I froze and defrosted it a couple of times to get the sediment to go to the bottom, because I didn't care enough about it to give it time to think. The product was a liquid that was crystal clear at the top, then gradually becoming yellow at the bottom. I just siphoned off a portion from the top, and it tasted fairly watery and boring with a slight hint that it wasn't water. Tasted the bottom and it was sweet and different, so I just shook it right up again.

It's not that great, really. It reminds me of a cheap, diluted sake. Boring, but not offensive. But it'd be easy to add some cordial concentrate since the flavours are so vague and easily masked. It'd also be good to use some actual wine or distiller's yeast to get an abv of 12-20 percent, which would make it better at the only thing it's useful for. ;) I just took several very big gulps, so we'll see just how alcoholic it is.

EDIT: Okay, I had to have almost the entire 2.5 kilos/litres of it to get sufficiently tanked, while still being able to type this sentence. I guess it must've been around beer strength.

Nevertheless, I'm doing a new 13L batch using simple white sugar, this time actually checking OG, which worked out at 1.064.

Ten Sixty-Four Kilju
2kg white sugar
13L tap water
1 sachet baker's yeast
OG: 1.064
potential 8.75% alcohol
- Turn cold tap on, run it into fermenter turning the tap off at the 13L mark.
- Dump a 2 kilo bag of white sugar into fermenter.
- Stir until you don't feel grittiness on the bottom.
- Scatter packet of yeast in.
- Stir on second day.

Fermentation took a day or two to start because I neglected to make a starter or heat the must in any way, but a slower fermentation means... uh... it'll be different in some way... possibly for the better, possibly not. We'll see.

What do you reckon, should I make a starter and pitch some another lot of yeast, in warmish starter form? How quick was your fermentation? How does it taste? What temperature did you ferment at? If yours was "quick and tasty" or "slow and yucky", I'll pitch more yeast. If yours was "quick and yucky" or "slow and tasty", I'll keep it the way it is.

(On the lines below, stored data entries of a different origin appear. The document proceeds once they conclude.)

Lemma ucycle_fun_edges_closed k (vs : k.-tuple (lnode n)) (es : k.-tuple (ledge n)) :
  ucycle_of fun_edges vs es -> {in vs, forall v, (g v != v) && (g v \in vs)}.
Proof.
case/and5P => k_ge2 vs_uniq es_uniq /allP es_F /forallP es_joins.
have endsP i : ((tnth es i).1 \in vs) && ((tnth es i).2 \in vs).
  have nth_vs : nth None vs (i.+1 %% k) \in vs.
    by rewrite mem_nth // size_tuple ltn_pmod // (leq_trans _ k_ge2).
  by case/orP: (es_joins i) => /eqP -> /=; rewrite mem_tnth nth_vs.
have esP i :
    tnth es i = ((tnth es i).1, g (tnth es i).1) /\ g (tnth es i).1 != (tnth es i).1.
  have := es_F _ (mem_tnth i es); case: (tnth es i) => u w.
  by rewrite mem_fun_edges => /andP[/eqP <-].
pose src i := (tnth es i).1.
have src_inj : injective src.
  move=> i j eq_ij; apply/(tuple_uniqP es es_uniq).
  by rewrite (esP i).1 (esP j).1 -/(src i) -/(src j) eq_ij.
have src_vs : [set src i | i in 'I_k] = [set v in vs].
  apply/eqP; rewrite eqEcard; apply/andP; split.
    by apply/subsetP => _ /imsetP[i _ ->]; rewrite inE; case/andP: (endsP i).
  by rewrite card_imset // card_ord cardsE (card_uniqP vs_uniq) size_tuple.
move=> v v_vs; have : v \in [set src i | i in 'I_k] by rewrite src_vs inE.
case/imsetP => i _ ->.
have [eq_i gi] := esP i; rewrite gi /=; case/andP: (endsP i) => _.
by rewrite {1}eq_i.
Qed.

Lemma uacyclic_fun_edges : cycle_free g -> uacyclic fun_edges.
Proof.
move=> gP; apply/negP => /existsP[k /existsP[vs /existsP[es cyc]]].
have closed := ucycle_fun_edges_closed cyc.
have v0_vs : nth None vs 0 \in vs.
  by case/and5P: cyc => k_ge2 *; rewrite mem_nth // size_tuple (leq_trans _ k_ge2).
have iter_vs m : iter m g (nth None vs 0) \in vs.
  by elim: m => //= m IHm; case/andP: (closed _ IHm).
by case/andP: (closed _ (iter_vs #|{: lnode n}|)); rewrite sink_fixed ?eqxx.
Qed.

Lemma cycle_not_uacyclic x :
  g x != x -> fconnect g (g x) x -> ~~ uacyclic fun_edges.
Proof.
move=> gx cyc_x; set k := order g x.
have iter_k : iter k g x = x by apply: iter_order_fconnect.
have k_gt1 : (1 < k)%N.
  rewrite ltn_neqAle order_gt0 andbT; apply: contra gx => /eqP k1.
  by rewrite -[g x]/(iter 1 g x) k1 iter_k.
have k_lt : (k < n.+2)%N.
  by rewrite ltnS (leq_trans (max_card _)) // card_option card_ord.
pose vs := orbit g x; pose es := [seq (y, g y) | y <- vs].
have size_vs : size vs == k by rewrite size_orbit.
have size_es : size es == k by rewrite size_map size_orbit.
have nth_vs i : (i < k)%N -> nth None vs i = iter i g x.
  by move=> lt_ik; rewrite (set_nth_default x) ?size_orbit // nth_traject.
rewrite negbK; apply/existsP; exists (Ordinal k_lt).
apply/existsP; exists (Tuple size_vs); apply/existsP; exists (Tuple size_es).
apply/and5P; split => //=.
- exact: orbit_uniq.
- by rewrite map_inj_uniq ?orbit_uniq // => y z [].
- apply/allP => _ /mapP[y y_vs ->]; rewrite mem_fun_edges eqxx /=.
  by apply: cycle_moves gx cyc_x _; rewrite fconnect_orbit.
- apply/forallP => i; apply/orP; left.
  rewrite (tnth_nth None) (tnth_nth (None, None)) /= (nth_map None) ?size_orbit //.
  rewrite nth_vs //; case: (ltnP i.+1 k) => [lt_ik|le_ki].
    by rewrite modn_small // nth_vs.
  have ik : i.+1 = k by apply/eqP; rewrite eqn_leq le_ki ltn_ord.
  by rewrite ik modnn nth_vs ?(ltnW k_gt1) // -iterS ik iter_k.
Qed.

Lemma uacyclic_fun_edgesE : uacyclic fun_edges = cycle_free g.
Proof.
apply/idP/idP => [|/uacyclic_fun_edges //].
by apply: contraLR => /cycle_freePn[x /andP[gx cyc_x]]; apply: cycle_not_uacyclic cyc_x.
Qed.

End FunEdges.

Section Determinants.
Variables (R : comPzRingType) (n : nat).

Lemma det_sum_rows (C : finType) (W : 'I_n -> C -> 'rV[R]_n) :
  \det (\matrix_j \sum_c W j c) =
  \sum_(f : {ffun 'I_n -> C}) \det (\matrix_j W j (f j)).
Proof.
rewrite /determinant; transitivity (\sum_(s : {perm 'I_n}) \sum_(f : {ffun 'I_n -> C})
    (-1) ^+ s * \prod_i W i (f i) 0 (s i)).
  apply: eq_bigr => s _.
  rewrite -mulr_sumr -(bigA_distr_bigA (fun i c => W i c 0 (s i))).
  by congr (_ * _); apply: eq_bigr => i _; rewrite mxE summxE.
rewrite exchange_big /=; apply: eq_bigr => f _; apply: eq_bigr => s _.
by congr (_ * _); apply: eq_bigr => i _; rewrite mxE.
Qed.

Lemma det_unitriangular (P : 'M[R]_n) (d : 'I_n -> nat) :
  (forall i, P i i = 1) -> (forall i j, i != j -> P i j != 0 -> (d j < d i)%N) ->
  \det P = 1.
Proof.
move=> P_diag P_off; rewrite /determinant (bigD1 (1%g : {perm 'I_n})) //=.
rewrite [X in _ + X]big1 ?addr0 => [|s s1].
  by rewrite odd_perm1 expr0 mul1r big1 // => i _; rewrite perm1 P_diag.
have [i0 si0] : exists i0, s i0 != i0.
  apply/existsP; apply: contraR s1 => /existsPn s_id.
  by apply/eqP/permP => i; rewrite perm1; apply/eqP; rewrite -[_ == _]negbK.
case: (@arg_minnP _ i0 (fun j => s j != j) d si0) => i si d_min.
have [Pi0|/(P_off _ _ (negbT _))] := eqVneq (P i (s i)) 0.
  by rewrite (bigD1 i) //= Pi0 mul0r mulr0.
have ssi : s (s i) != s i by apply: contra si => /eqP/perm_inj ->.
by rewrite eq_sym (negbTE si) ltnNge d_min // => /(_ erefl).
Qed.

Lemma det_eq0_lker (P : 'M[R]_n) (x : 'rV_n) j :
  x *m P = 0 -> x 0 j = 1 -> \det P = 0.
Proof.
move=> xP xj; have := congr1 (mulmx^~ (\adj P)) xP.
rewrite -mulmxA mul_mx_adj mul0mx mul_mx_scalar => /matrixP /(_ 0 j).
by rewrite !mxE xj mulr1.
Qed.

Lemma det_add_row_comb (P : 'M[R]_n) (x : 'rV_n) q : x 0 q = 0 ->
  \det (\matrix_i (if i == q then row q P + x *m P else row i P)) = \det P.
Proof.
move=> xq; pose U : 'M[R]_n := 1%:M + \matrix_i ((i == q)%:R *: x).
have UE i l : U i l = (i == l)%:R + (i == q)%:R * x 0 l by rewrite !mxE.
have -> : \matrix_i (if i == q then row q P + x *m P else row i P) = U *m P.
  apply/row_matrixP => i.
  rewrite rowK row_mul linearD /= row1 rowK mulmxDl -rowE -scalemxAl.
  by case: eqP => [->|_]; rewrite ?scale1r ?scale0r ?addr0.
rewrite det_mulmx (@det_unitriangular U (fun i => nat_of_bool (i == q))) ?mul1r //.
  move=> i; rewrite UE eqxx.
  by have [->|_] := eqVneq i q; rewrite ?xq ?mulr0 ?mul0r addr0.
move=> i l il; rewrite UE (negbTE il) add0r.
have [iq|] := eqVneq i q; last by rewrite mul0r eqxx.
by rewrite -iq [l == i]eq_sym (negbTE il).
Qed.

Lemma det_minor_col_delta (M : 'M[R]_n) (r q : 'I_n) :
  \det (row' r (col' q M)) =
  (-1) ^+ (r + q) * \det (\matrix_(i, j) if j == q then (i == r)%:R else M i j).
Proof.
rewrite [in RHS](expand_det_col _ q) (bigD1 r) //= big1 ?addr0 => [|i ir]; last first.
  by rewrite !mxE eqxx (negbTE ir) mul0r.
rewrite /cofactor !mxE !eqxx mul1r signrMK; congr (\det _); apply/matrixP => i j.
by rewrite !mxE eq_sym (negbTE (neq_lift q j)).
Qed.

End Determinants.

Section TreeMatrix.
Context {R : comPzRingType} (n : nat).

Definition node_row (u : lnode n) : 'rV[R]_n := if u is Some i then delta_mx 0 i else 0.

Lemma node_row_entry u i : node_row u 0 i = (u == Some i)%:R.
Proof. by case: u => [j|]; rewrite !mxE // eqxx eq_sym. Qed.

Lemma node_row_sub_entry u v i :
  (node_row u - node_row v) 0 i = (u == Some i)%:R - (v == Some i)%:R.
Proof. by rewrite !mxE !node_row_entry. Qed.

Variables (g : lnode n -> lnode n) (q r : 'I_n).
Hypotheses (g_None : g None = None) (g_q : g (Some q) = Some q).

Definition tree_matrix : 'M[R]_n := \matrix_j
  if j == q then node_row (Some r)
  else node_row (Some j) - (g (Some j) != Some j)%:R *: node_row (g (Some j)).

Lemma tree_matrix_entry i l : i != q -> tree_matrix i l =
  (i == l)%:R - ((g (Some i) != Some i) && (g (Some i) == Some l))%:R.
Proof.
move=> iq; rewrite mxE (negbTE iq) !mxE node_row_entry eqxx /=.
by rewrite eq_sym; case: (_ != _); rewrite ?mul1r ?mul0r.
Qed.

Lemma node_row_mul_tree_matrix u : g u != u ->
  node_row u *m tree_matrix = node_row u - node_row (g u).
Proof.
case: u => [j|]; last by rewrite g_None eqxx.
have [-> | jq] := eqVneq j q; first by rewrite g_q eqxx.
by rewrite -rowE rowK (negbTE jq) => ->; rewrite scale1r.
Qed.

Lemma node_row_mul_tree_matrix_fixed u : g u = u -> u != Some q ->
  node_row u *m tree_matrix = node_row u.
Proof.
case: u => [j|] gu uq; last by rewrite mul0mx.
have [jq|jq] := eqVneq j q; first by rewrite jq eqxx in uq.
by rewrite -rowE rowK (negbTE jq) gu eqxx scale0r subr0.
Qed.

Lemma det_tree_matrix_cycle : ~~ cycle_free g -> \det tree_matrix = 0.
Proof.
case/cycle_freePn => -[j0|]; last by rewrite g_None eqxx.
set x := Some j0 => /andP[gx cyc_x].
pose v := \sum_(m < order g x) node_row (iter m g x).
apply: (@det_eq0_lker _ _ _ v j0).
  rewrite mulmx_suml (eq_bigr (fun m : 'I_(order g x) =>
    node_row (iter m g x) - node_row (iter m.+1 g x))) => [|m _].
    by rewrite sum_iter_telescope iter_order_fconnect ?subrr.
  by rewrite node_row_mul_tree_matrix // (cycle_moves gx cyc_x) ?fconnect_iter.
rewrite summxE (bigD1 (Ordinal (order_gt0 g x))) // node_row_entry /= eqxx.
rewrite big1 ?addr0 // => m m0; rewrite node_row_entry.
have [mx|//] := eqVneq (iter m g x) x; case/eqP: m0; apply/val_inj => /=.
by rewrite -(findex_iter (ltn_ord m)) mx findex0.
Qed.

Lemma det_tree_matrix_replace_row s : cycle_free g -> g s = s ->
  \det (\matrix_i (if i == q then node_row s else row i tree_matrix)) =
  (s == Some q)%:R.
Proof.
move=> gP gs; set Q := \matrix_i _.
have row_Q i : row i Q = if i == q then node_row s else row i tree_matrix.
  by rewrite rowK.
have [sq|sq] := eqVneq s (Some q); last first.
  apply: (@det_eq0_lker _ _ _ (delta_mx 0 q - node_row s) q).
    have fixed_Q u : g u = u -> u != Some q -> node_row u *m Q = node_row u.
      case: u => [j|] gu uq; last by rewrite mul0mx.
      have jq : j != q by apply: contraNneq uq => ->.
      by rewrite -rowE row_Q (negbTE jq) -(node_row_mul_tree_matrix_fixed gu uq) rowE.
    by rewrite mulmxBl -rowE row_Q eqxx fixed_Q ?subrr.
  by rewrite !mxE node_row_entry !eqxx (negbTE sq) subr0.
have Q_entry i l : Q i l = (if i == q then node_row s else row i tree_matrix) 0 l.
  by rewrite -row_Q [RHS]mxE.
(* Off-diagonal entries go from a moving node to its image, whose orbit is smaller. *)
apply: (det_unitriangular (d := fun i => order g (Some i))) => [i|i l il].
  rewrite Q_entry; have [->|iq] := eqVneq i q; first by rewrite sq node_row_entry eqxx.
  by rewrite mxE tree_matrix_entry // eqxx; case: eqP; rewrite ?andbF subr0.
rewrite Q_entry; have [iq|iq] := eqVneq i q.
  by rewrite sq -iq node_row_entry (inj_eq Some_inj) (negbTE il) eqxx.
rewrite mxE tree_matrix_entry // (negbTE il) sub0r oppr_eq0.
case: andP => [[gi /eqP gil] _|_]; last by rewrite eqxx.
by rewrite (cycle_free_orderS gP gi) gil.
Qed.

Lemma det_tree_matrix_cycle_free : cycle_free g ->
  \det tree_matrix = (sink g (Some r) == Some q)%:R.
Proof.
move=> gP; pose x m := iter m g (Some r).
pose y := \sum_(m < #|{: lnode n}| | g (x m) != x m) node_row (x m).
have yP : y *m tree_matrix = node_row (Some r) - node_row (sink g (Some r)).
  rewrite mulmx_suml big_mkcond -(sum_iter_telescope g (fun u => node_row u)).
  apply: eq_bigr => m _; case: ifP => [gx|/negbFE/eqP gx].
    by rewrite node_row_mul_tree_matrix.
  by rewrite iterS -/(x m) gx subrr.
have yq : y 0 q = 0.
  rewrite summxE big1 // => m; rewrite node_row_entry.
  by have [->|] := eqVneq (x m) (Some q); rewrite ?g_q ?eqxx.
(* Subtracting y *m tree_matrix from row q turns it into e_(sink r). *)
rewrite -(@det_add_row_comb _ _ _ (- y) q) ?mxE ?yq ?oppr0 //.
rewrite -(det_tree_matrix_replace_row gP (sink_fixed gP _)); congr (\det _).
apply/row_matrixP => i; rewrite !rowK; have [_|//] := eqVneq i q.
by rewrite mulNmx yP eqxx /= opprB addrC subrK.
Qed.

It's fermenting, definitely, just not vigourously by any extent of the imagination.

I think next time I'll also make a spiced one if I think it would work. That'd be interesting. I wonder what skim milk powder would do for it...
 
Hehehehe I enjoyed your post alot :rockin: My fermentation was quite slow actually.. Around three weeks. Maybe make a starter to really kick things off, especially if you are doing 13 liters of the stuff. Mine tasted OK but it wasn't something to write home about - again mine was made with baker's yeast I am yet to try it with real brewer's yeast. My temp was just room temperature, maybe slightly cooler.

Let me know how it progresses!
 
Making a warm starter using 100g raw sugar and 200g warmish water. Added a heaped teaspoon of wine nutrient too; will tip it into the must in about an hour.

EDIT: It's been more than a week and it's still quite sweet. It'll take a month to finish, I reckon.
 
It's still coloured, and tastes quite yeasty, but the fermentation stopped/slowed when it was still sweet, which might actually make it a bit more tolerable, if less alcoholic. Will leave for a while to settle out in order to hopefully get rid of the yeasty taste.
 
It's still coloured, and tastes quite yeasty, but the fermentation stopped/slowed when it was still sweet, which might actually make it a bit more tolerable, if less alcoholic. Will leave for a while to settle out in order to hopefully get rid of the yeasty taste.

The yeasty taste settled out of mine after a few months I guess that will happen to yours too :). What volume did you brew? In liters.
 
13, remember? Also, I just added more yeast and 2.5 litres of lemon squash, before realising that there were preservatives in the squash. Oh well, we'll hope for luck.